[Stored items]
Definition dsingle t (x : P t) : dsum := exist _ (single x) (single_finsupp x).

Fact dsingle_is_linear t : linear (@dsingle t).
Proof. by move=> a x y; apply: val_inj; rewrite /= single_is_linear. Qed.

Lemma dsum_expansion (m : dsum) : exists S : seq T, m = \sum_(t <- S) dsingle (val m t).
Proof.
have /asboolP[S m0] := valP m; exists (undup S).
apply: val_inj; apply: functional_extensionality_dep => t'.
rewrite dsum_sumE; under eq_bigr do rewrite /= singleE.
rewrite (sumr_pred1_seq _ (fun=> val m t')) ?undup_uniq // mem_undup.
by case: ifPn => // /m0.
Qed.

End DirectSum.

HB.instance Definition _ (K : fieldType) (T : eqType) (P : T -> lmodType K) (t : T) :=
  GRing.isLinear.Build K (P t) (dsum P) *:%R (@dsingle K T P t) (@dsingle_is_linear K T P t).

Section Corner.
Variables (K : fieldType) (V HE : Type) (I J : HE -> finType)
  (s : forall h, I h -> V) (r : forall h, J h -> V) (M : RMod K s r).

Fact corner_subproof v (m : M) : actV M v m \in fixpred (actV M v).
Proof. by rewrite inE rel_VV. Qed.

Definition corner v (m : M) : fixsp (actV M v) := exist _ (actV M v m) (corner_subproof v m).

Lemma corner_is_linear v : linear (corner v).
Proof. by move=> a x y; apply: val_inj; rewrite /= linearP. Qed.

Lemma cornerK v (x : fixsp (actV M v)) : corner v (val x) = x.
Proof. by apply: val_inj; rewrite /= fixspK. Qed.

End Corner.

HB.instance Definition _ (K : fieldType) (V HE : Type) (I J : HE -> finType)
    (s : forall h, I h -> V) (r : forall h, J h -> V) (M : RMod K s r) (v : V) :=
  GRing.isLinear.Build K M (fixsp (actV M v)) *:%R (corner v) (corner_is_linear v).

Section CornerDecomposition.
Variables (K : fieldType) (V : eqType) (HE : Type) (I J : HE -> finType)
  (s : forall h, I h -> V) (r : forall h, J h -> V) (M : RMod K s r).

Lemma actV_actV u v (m : M) : actV M u (actV M v m) = if u == v then actV M v m else 0.
Proof. by case: eqP => [->|uv]; [apply: rel_VV | apply: rel_VV0 => vu; apply: uv]. Qed.

Lemma corner_expansion (m : M) : exists S : seq V, uniq S /\ m = \sum_(v <- S) actV M v m.
Proof.
have [t ->] := unital m; exists (undup [seq q.1 | q <- t]); split; first exact: undup_uniq.
symmetry; under eq_bigr do rewrite linear_sum.
rewrite exchange_big big_seq [RHS]big_seq; apply: eq_bigr => q tq.
under eq_bigr do rewrite actV_actV.
by rewrite (sumr_pred1_seq _ (fun=> actV M q.1 q.2)) ?undup_uniq // mem_undup map_f.
Qed.
Lemma fqint_reflect_binomial b a h m n : abs (b - 1) < 1 -> abs (a - 1) < 1 -> (0 < n)%N ->
  \sum_(l < n.+1) 'C(n, l)%:R * (-1) ^+ l
      * fqint abs p b (qweighted b a h (fun y => y ^+ (l + m)))
  = (1 + b) * (m == 0%N)%:R + b ^+ h.+2 * \sum_(l < m.+1) 'C(m, l)%:R * (-1) ^+ (m + l)
      * fqint abs p b^-1 (qweighted b^-1 a^-1 h (fun y => y ^+ (n + m - l))).
Proof.
move=> b1 a1 n_gt0; pose Q (y : K) := (1 - y) ^+ m * y ^+ n.
have Q_ne : unit_nonexpansive Q.
  apply: (nonexpansiveM (Q1 := fun y => (1 - y) ^+ m)); last exact: nonexpansiveX.
  exact: nonexpansive_1sub (nonexpansiveX _).
have := fqint_reflect h b1 a1 Q_ne.
have -> : Q 0 = 0 by rewrite /Q expr0n gtn_eqF // mulr0.
have -> : Q 1 = (m == 0%N)%:R by rewrite /Q subrr expr0n expr1n mulr1.
have -> : (fun y => Q (1 - y))
    = fun y => \sum_(l < n.+1) 'C(n, l)%:R * (-1) ^+ l * y ^+ (l + m).
  by apply: funext => y; rewrite /Q subKr exprX_mul1sub.
have -> : Q = fun y => \sum_(l < m.+1) 'C(m, l)%:R * (-1) ^+ (m + l) * y ^+ (n + m - l).
  by apply: funext => y; rewrite /Q expr1sub_mulX.
have [bV1 aV1] := (abs_near1V b1, abs_near1V a1).
by rewrite !fqint_qweighted_sum // mulr0 subr0.
Qed.

End PadicAbs.

Theorem mainTheorem7 (p : nat) (R : realType) (K : closedFieldType) (abs : K -> R)
  (hp : prime p) (hodd : odd p) (habs : padic_abs p abs)
  (q : K) (hq : abs (q - 1) < 1) (alpha h : nat) (hh : (0 < h)%N)
  (n1 n2 k : nat) (hk : (2 * k < n1 + n2)%N) :
  \sum_(l < (n1 + n2 - 2 * k).+1)
     ('C(n1 + n2 - 2 * k, l)%:R * (-1) ^+ l *
      (Gnum abs p q alpha h (l + 2 * k + 1) / (l + 2 * k + 1)%:R))
  = if k == 0%N then
      (1 + q) + q ^+ (h + 1) *
        (Gnum abs p q^-1 alpha h (n1 + n2 + 1) / (n1 + n2 + 1)%:R)
    else
      \sum_(l < (2 * k).+1)
        ('C(2 * k, l)%:R * (-1) ^+ (2 * k + l) *
         ((1 + q) + q ^+ (h + 1) *
           (Gnum abs p q^-1 alpha h (n1 + n2 - l + 1) / (n1 + n2 - l + 1)%:R))).
Proof.
case: h hh => [//|h] _; set n := (n1 + n2 - 2 * k)%N.
rewrite (_ : (n1 + n2 = n + 2 * k)%N); last by rewrite /n; lia.
have absq1 : abs q <= 1 by rewrite (abs_near1 habs hq).
have qa1 := le_lt_trans (abs_subX1 habs alpha absq1) hq.
under eq_bigr do rewrite addn1 (Gnum_fqint habs hp).
rewrite (fqint_reflect_binomial habs hp hodd) //; last by rewrite /n; lia.
rewrite !addn1 muln_eq0 /=; case: eqP => [-> | /eqP k0].
  by rewrite big_ord1 mulr1 bin0 expr0 !mul1r (Gnum_fqint habs hp q^-1) exprVn subn0.
under [in RHS]eq_bigr do rewrite addn1 (Gnum_fqint habs hp q^-1) exprVn mulrDr mulrCA.
rewrite mulr0 add0r big_split -mulr_suml -mulr_sumr sum_binom_signr ?muln_gt0 ?lt0n //=.
by rewrite mul0r add0r.
Qed.
(* Fix $m\ge1$, a partition $\xi$ with all parts $\le m$, $\mu\in\mathbb Z_{\ge0}$, $\mu=\mu_1m+\mu_0$ ($0\le\mu_0<m$), $t=\#\{i:\xi_i=m\}$, and assume $k:=\mu_1+1-t\ge0$. Let $\alpha_0=m-\mu_0-1$ and $\alpha_1,\dots,\alpha_L$ the parts of $\xi$ smaller than $m$ (with multiplicity), so $F_{\xi,m,\mu}(x)=\frac{p_{m-\mu_0-1}(x)p_\xi(x)}{p_m(x)^{\mu_1+1}}=\prod_{i=0}^Lp_{\alpha_i}(x)/p_m(x)^k=\sum_{r\ge0}a_rx^r$. Suppose there exist integers $(a_\nu,b_\nu)$, $1\le\nu\le k$, with $0\le a_\nu,b_\nu\le m-1$ and $a_\nu+b_\nu\le m-1$, such that $\prod_{i=0}^Lp_{\alpha_i}(x)=\prod_{\nu=1}^kp_{a_\nu}(x)p_{b_\nu}(x)$. Then \[ F_{\xi,m,\mu}(x)=\prod_{\nu=1}^k\Big(\sum_{u\ge0}D_m(a_\nu,b_\nu;u)x^u\Big), \] so $a_r$ equals the number of $k$-tuples $(P_1,\dots,P_k)$ with $P_\nu\in\mathcal D_m(a_\nu,b_\nu;u_\nu)$ for some $u_\nu\ge0$ and $u_1+\cdots+u_k=r$; in particular all $a_r\ge0$. Moreover, in each of the following families take $\mu=|\xi|$ (and $s,t\ge 0$ integers; a notation $m^t$ denotes $t$ parts equal to $m$, parts arranged in nonincreasing order): (a) $\xi=(m^t,1^s)$, $s=qm+\rho$ with $q\ge0$, $0\le\rho<m$. For every $N\ge0$, $a_N$ equals the number of tuples $(P_0,\dots,P_q)$ with $P_0\in\mathcal D_m(0,m-\rho-1;u_0)$, $P_\nu\in\mathcal D_m(0,0;u_\nu)$ for $1\le\nu\le q$, and $u_0+\cdots+u_q=N$. (b) $\xi=(m^t,r,1^s)$ with $1\le r\le m-1$, $r+s=qm+\rho$, $q\ge0$, $0\le\rho<m$. If $q=0$, then for every $u\ge0$, $a_u=D_m(r,m-r-s-1;u)$, i.e. the number of Dyck paths of height at most $m-1$ and semilength $r+s+u$ whose first $r$ steps are up-steps and whose last $r+s$ steps are down-steps. If $q\ge1$, then for every $N\ge0$, $a_N$ equals the number of tuples $(P_0,\dots,P_q)$ with $P_0\in\mathcal D_m(0,m-\rho-1;u_0)$, $P_1\in\mathcal D_m(r,0;u_1)$, $P_\nu\in\mathcal D_m(0,0;u_\nu)$ for $2\le\nu\le q$, and $u_0+\cdots+u_q=N$. (c) $\xi=(m^t,r_1,\dots,r_d,1^s)$ with $1\le r_i\le m-1$, $r_1+\cdots+r_d+s=qm+\rho$, $q\ge0$, $0\le\rho<m$. If $q\ge d$, then for every $N\ge0$, $a_N$ equals the number of tuples $(P_0,\dots,P_q)$ with $P_0\in\mathcal D_m(0,m-\rho-1;u_0)$, $P_i\in\mathcal D_m(r_i,0;u_i)$ for $1\le i\le d$, $P_\nu\in\mathcal D_m(0,0;u_\nu)$ for $d+1\le\nu\le q$, and $u_0+\cdots+u_q=N$.
   Context: $p_0=p_1=1$, $p_{r+1}(x)=p_r(x)-xp_{r-1}(x)$ ($r\ge1$); $p_\xi=\prod_ip_{\xi_i}$; $|\xi|$ is the sum of the parts. A Dyck path is a lattice path from $(0,0)$ with steps $U=(1,1)$, $D=(1,-1)$, ending on the $x$-axis and never going below it; its semilength is half its number of steps and its height is the maximal $y$-coordinate reached. For $m\ge1$, $0\le a,b\le m-1$ with $a+b\le m-1$, and $u\ge0$, $\mathcal D_m(a,b;u)$ is the set of Dyck paths of height at most $m-1$ and semilength $m-1-b+u$ whose first $a$ steps are up-steps and whose last $m-1-b$ steps are down-steps; $D_m(a,b;u):=\#\mathcal D_m(a,b;u)$. *)

From mathcomp Require Import all_boot all_order all_algebra.
Set Implicit Arguments. Unset Strict Implicit. Unset Printing Implicit Defensive.
Import GRing.Theory.
Local Open Scope ring_scope.

Fixpoint pr (n : nat) : {poly int} :=
  match n with
  | 0 => 1
  | n1.+1 => match n1 with
             | 0 => 1
             | n2.+1 => pr n1 - 'X * pr n2
             end
  end.

Definition pxi (xi : seq nat) : {poly int} := \prod_(x <- xi) pr x.

(* r-th coefficient of the formal power series expansion of P/Q, for Q with
   constant coefficient 1: 1/Q = sum_j (1-Q)^j, and (1-Q)^j = O(x^j), so
   only j <= r contributes to the coefficient of x^r. *)
Definition series_coef (P Q : {poly int}) (r : nat) : int :=
  (P * \sum_(j < r.+1) (1 - Q) ^+ j)`_r.

Definition Fcoef (m : nat) (xi : seq nat) (mu : nat) (r : nat) : int :=
  series_coef (pr (m - mu %% m - 1) * pxi xi) (pr m ^+ (mu %/ m).+1) r.

Local Open Scope nat_scope.

Definition partition_le (m : nat) (xi : seq nat) : bool :=
  [&& all (fun x => 0 < x) xi, all (fun x => x <= m) xi & sorted geq xi].


(* Lattice paths as step sequences: true = U = (1,1), false = D = (1,-1). *)
Fixpoint walk_ok (h : nat) (s : seq bool) : bool :=
  match s with
  | [::] => h == 0
  | true :: s' => walk_ok h.+1 s'
  | false :: s' => (0 < h) && walk_ok h.-1 s'
  end.

Fixpoint walk_max (h : nat) (s : seq bool) : nat :=
  match s with
  | [::] => h
  | b :: s' => maxn h (walk_max (if b then h.+1 else h.-1) s')
  end.

Definition is_dyck (s : seq bool) : bool := walk_ok 0 s.
Definition height (s : seq bool) : nat := walk_max 0 s.

(* membership in D_m(a,b;u), for a path s of size 2*(m-1-b+u) *)
Definition in_Dm (m a b : nat) (s : seq bool) : bool :=
  [&& is_dyck s, height s <= m - 1,
      take a s == nseq a true &
      drop (size s - (m - 1 - b)) s == nseq (m - 1 - b) false].

Definition Dm (m a b u : nat) : nat :=
  #|[pred t : ((m - 1 - b + u).*2).-tuple bool | in_Dm m a b t]|.

Definition tuple_count (m : nat) (ab : seq (nat * nat)) (r : nat) : nat :=
  \sum_(u : {ffun 'I_(size ab) -> 'I_r.+1} | \sum_(i < size ab) (u i : nat) == r)
    \prod_(i < size ab) Dm m (nth (0, 0) ab i).1 (nth (0, 0) ab i).2 (u i).

(* The generating function of walks from h to c in the strip [0, H], with x
   marking down-steps, is x^(h-c) p_(min h c) p_(H - max h c) / p_(H+1): both
   sides satisfy the first-step recurrence, the right-hand side thanks to the
   addition formula p_(c+e) = p_c p_e - x p_(c-1) p_(e-1).  A path of D_m(a,b;u)
   is such a walk from a to m-1-b in [0, m-1], once its forced first a up-steps
   and last m-1-b down-steps are removed, so sum_u D_m(a,b;u) x^u = p_a p_b / p_m.
   Cancelling the parts equal to m, F_(xi,m,mu) is therefore the product of these
   series over the pairs (a_nu, b_nu); the families are the cases where
   p_(m-mu0-1) p_xi factors visibly as such a product. *)

From mathcomp Require Import all_boot all_order all_algebra.
From mathcomp Require Import ring zify.
Set Implicit Arguments. Unset Strict Implicit. Unset Printing Implicit Defensive.
Import GRing.Theory.
Local Open Scope ring_scope.

Definition pr_prev (n : nat) : {poly int} := if n is n'.+1 then pr n' else 0.

Lemma pr_prevS n : pr_prev n.+1 = pr n. Proof. by []. Qed.

Lemma prS n : pr n.+1 = pr n - 'X * pr_prev n.
Proof. by case: n => [|n] //=; rewrite mulr0 subr0. Qed.

Lemma pr_coef0 n : (pr n)`_0 = 1.
Proof.
elim/ltn_ind: n => -[|[|n]] IH; try by rewrite coefC.
by rewrite prS coefB coefXM subr0 IH.
Qed.

Lemma prD c e : pr (c + e) = pr c * pr e - 'X * (pr_prev c * pr_prev e).
Proof.
elim/ltn_ind: c e => -[|[|c]] IH e.
- by rewrite add0n /= mul1r mul0r mulr0 subr0.
- by rewrite add1n prS /= !mul1r.
- by rewrite !addSn prS pr_prevS -addSn !IH // !prS !pr_prevS prS; ring.
Qed.

Lemma mul_pr c e :
  pr c * pr e = pr (c + e).+1 + 'X * (pr c * pr_prev e) + 'X * (pr_prev c * pr e).
Proof. rewrite -addSn prD prS pr_prevS; ring. Qed.

(* Numerator of the generating function of walks in [0, H] from h to c; the
   denominator is pr H.+1 (see pr_walk_gf). *)
Definition strip_num (H c h : nat) : {poly int} :=
  'X^(h - c) * (pr (minn h c) * pr (H - maxn h c)).

Lemma strip_num_le H c h : (h <= c)%N -> strip_num H c h = pr h * pr (H - c).
Proof.
by move=> hc; rewrite /strip_num (eqP hc) mul1r (minn_idPl hc) (maxn_idPr hc).
Qed.

Lemma strip_num_ge H c h :
  (c <= h)%N -> strip_num H c h = 'X^(h - c) * (pr c * pr (H - h)).
Proof. by move=> ch; rewrite /strip_num (minn_idPr ch) (maxn_idPl ch). Qed.

Lemma strip_num_rec H c h : (c <= H)%N -> (h <= H)%N ->
  strip_num H c h = (if h == c then pr H.+1 else 0)
    + (if (h < H)%N then strip_num H c h.+1 else 0)
    + (if (0 < h)%N then 'X * strip_num H c h.-1 else 0).
Proof.
move=> cH hH; case: (ltngtP h c) => [hc|ch|<-].
- rewrite (strip_num_le H (ltnW hc)) (strip_num_le H hc) (leq_trans hc cH).
  case: h hc {hH} => [|h] hc; first by rewrite /=; ring.
  rewrite ltn0Sn -pred_Sn (prS h.+1) pr_prevS (strip_num_le H (ltnW (ltnW hc))); ring.
- case: h hH ch => // h hH ch.
  have ch2 : (c <= h.+2)%N by rewrite ltnW // ltnW.
  rewrite ltn0Sn -pred_Sn !strip_num_ge ?(ltnW ch) // !subSn // ?(ltnW ch) //.
  move: (h - c)%N => k; rewrite !exprS.
  have [n ->] : exists n, H = (h.+1 + n)%N by exists (H - h.+1)%N; lia.
  rewrite addKn (_ : h.+1 + n - h = n.+1)%N; last by lia.
  case: n => [|n]; first by rewrite addn0 ltnn /=; ring.
  have -> : (h.+1 < h.+1 + n.+1)%N by lia.
  have -> : (h.+1 + n.+1 - h.+2 = n)%N by lia.
  rewrite (prS n.+1) pr_prevS; ring.
- rewrite strip_num_ge // subnn expr0 mul1r mul_pr subnKC //.
  congr (_ + _ + _).
  + case: ltnP => [hH'|Hh]; last by rewrite (_ : H - h = 0)%N ?mulr0; exact/eqP.
    by rewrite strip_num_ge // subSnn expr1 -(subnSK hH').
  + case: h {hH} => [|h]; first by rewrite mul0r mulr0.
    by rewrite strip_num_le.
Qed.

Local Close Scope ring_scope.

Section TupleCount.
Variable T : finType.

Lemma mem_tuple_pred_vals n (P : pred (seq T)) s :
  (s \in [seq val t | t <- enum [pred t : n.-tuple T | P t]]) = (size s == n) && P s.
Proof.
apply/mapP/andP => [[t] | [sz Ps]]; first by rewrite mem_enum => Pt ->; rewrite size_tuple.
by exists (Tuple sz); rewrite ?mem_enum.
Qed.

Lemma card_tuple_predE n (P : pred (seq T)) L : uniq L ->
  (forall s, (s \in L) = (size s == n) && P s) ->
  #|[pred t : n.-tuple T | P t]| = size L.
Proof.
move=> uL memL; rewrite cardE -(size_map val); apply/perm_size/uniq_perm => //.
  by rewrite map_inj_uniq ?enum_uniq //; exact: val_inj.
by move=> s; rewrite mem_tuple_pred_vals memL.
Qed.

Lemma card_tuple_pred_bij n n' (P Q : pred (seq T)) (f g : seq T -> seq T) :
  (forall s, size s = n -> P s -> [/\ size (f s) = n', Q (f s) & g (f s) = s]) ->
  (forall s, size s = n' -> Q s -> [/\ size (g s) = n, P (g s) & f (g s) = s]) ->
  #|[pred t : n.-tuple T | P t]| = #|[pred t : n'.-tuple T | Q t]|.
Proof.
move=> fK gK; set L := [seq val t | t <- enum [pred t : n.-tuple T | P t]].
have memL := @mem_tuple_pred_vals n P.
rewrite cardE -(size_map val) -/L (@card_tuple_predE _ _ (map f L)) ?size_map //.
  rewrite map_inj_in_uniq ?map_inj_uniq ?enum_uniq //; first exact: val_inj.
  move=> x y; rewrite !memL => /andP [/eqP sx Px] /andP [/eqP sy Py] fxy.
  by have [_ _ <-] := fK x sx Px; have [_ _ <-] := fK y sy Py; rewrite fxy.
move=> s; apply/mapP/andP => [[x] | [/eqP ss Qs]].
  by rewrite memL => /andP [/eqP sx Px] ->; have [-> -> _] := fK x sx Px.
by have [sg Pg fg] := gK s ss Qs; exists (g s); rewrite // memL sg eqxx.
Qed.

End TupleCount.

Lemma card_bool_tupleS n (P : pred (seq bool)) :
  #|[pred t : n.+1.-tuple bool | P t]| =
  (#|[pred t : n.-tuple bool | P (true :: t)]| +
   #|[pred t : n.-tuple bool | P (false :: t)]|)%N.
Proof.
set L := fun b => [seq val t | t <- enum [pred t : n.-tuple bool | P (b :: t)]].
have memL b s : (s \in L b) = (size s == n) && P (b :: s).
  exact: (mem_tuple_pred_vals n (fun s => P (b :: s))).
have mem_cons c b s (K : seq (seq bool)) : (b :: s \in map (cons c) K) = (b == c) && (s \in K).
  by apply/idP/andP => [/mapP [t tK [-> ->]] | [/eqP -> /(map_f (cons c))]].
rewrite (@card_tuple_predE _ _ _ (map (cons true) (L true) ++ map (cons false) (L false))).
- by rewrite size_cat !size_map !cardE.
- rewrite cat_uniq !map_inj_uniq ?enum_uniq ?andbT /=; try exact: val_inj; last 2 first.
  + by move=> x y [].
  + by move=> x y [].
  + by apply/hasPn => _ /mapP [s _ ->]; rewrite mem_cons.
- case=> [|b s]; first by rewrite mem_cat; apply/negP => /orP [] /mapP [].
  by rewrite mem_cat !mem_cons !memL eqSS; case: b; rewrite ?orbF.
Qed.

Fixpoint strip_walk (H c h : nat) (s : seq bool) : bool :=
  match s with
  | [::] => h == c
  | true :: s' => (h < H) && strip_walk H c h.+1 s'
  | false :: s' => (0 < h) && strip_walk H c h.-1 s'
  end.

*Exercise prompt*
With the line that has "pr c * pr e = pr" as the first and the line that has "Definition strip_num (H" as the last, repeat exactly that run of lines above and no more.

*Result of the task*
  pr c * pr e = pr (c + e).+1 + 'X * (pr c * pr_prev e) + 'X * (pr_prev c * pr e).
Proof. rewrite -addSn prD prS pr_prevS; ring. Qed.

(* Numerator of the generating function of walks in [0, H] from h to c; the
   denominator is pr H.+1 (see pr_walk_gf). *)
Definition strip_num (H c h : nat) : {poly int} :=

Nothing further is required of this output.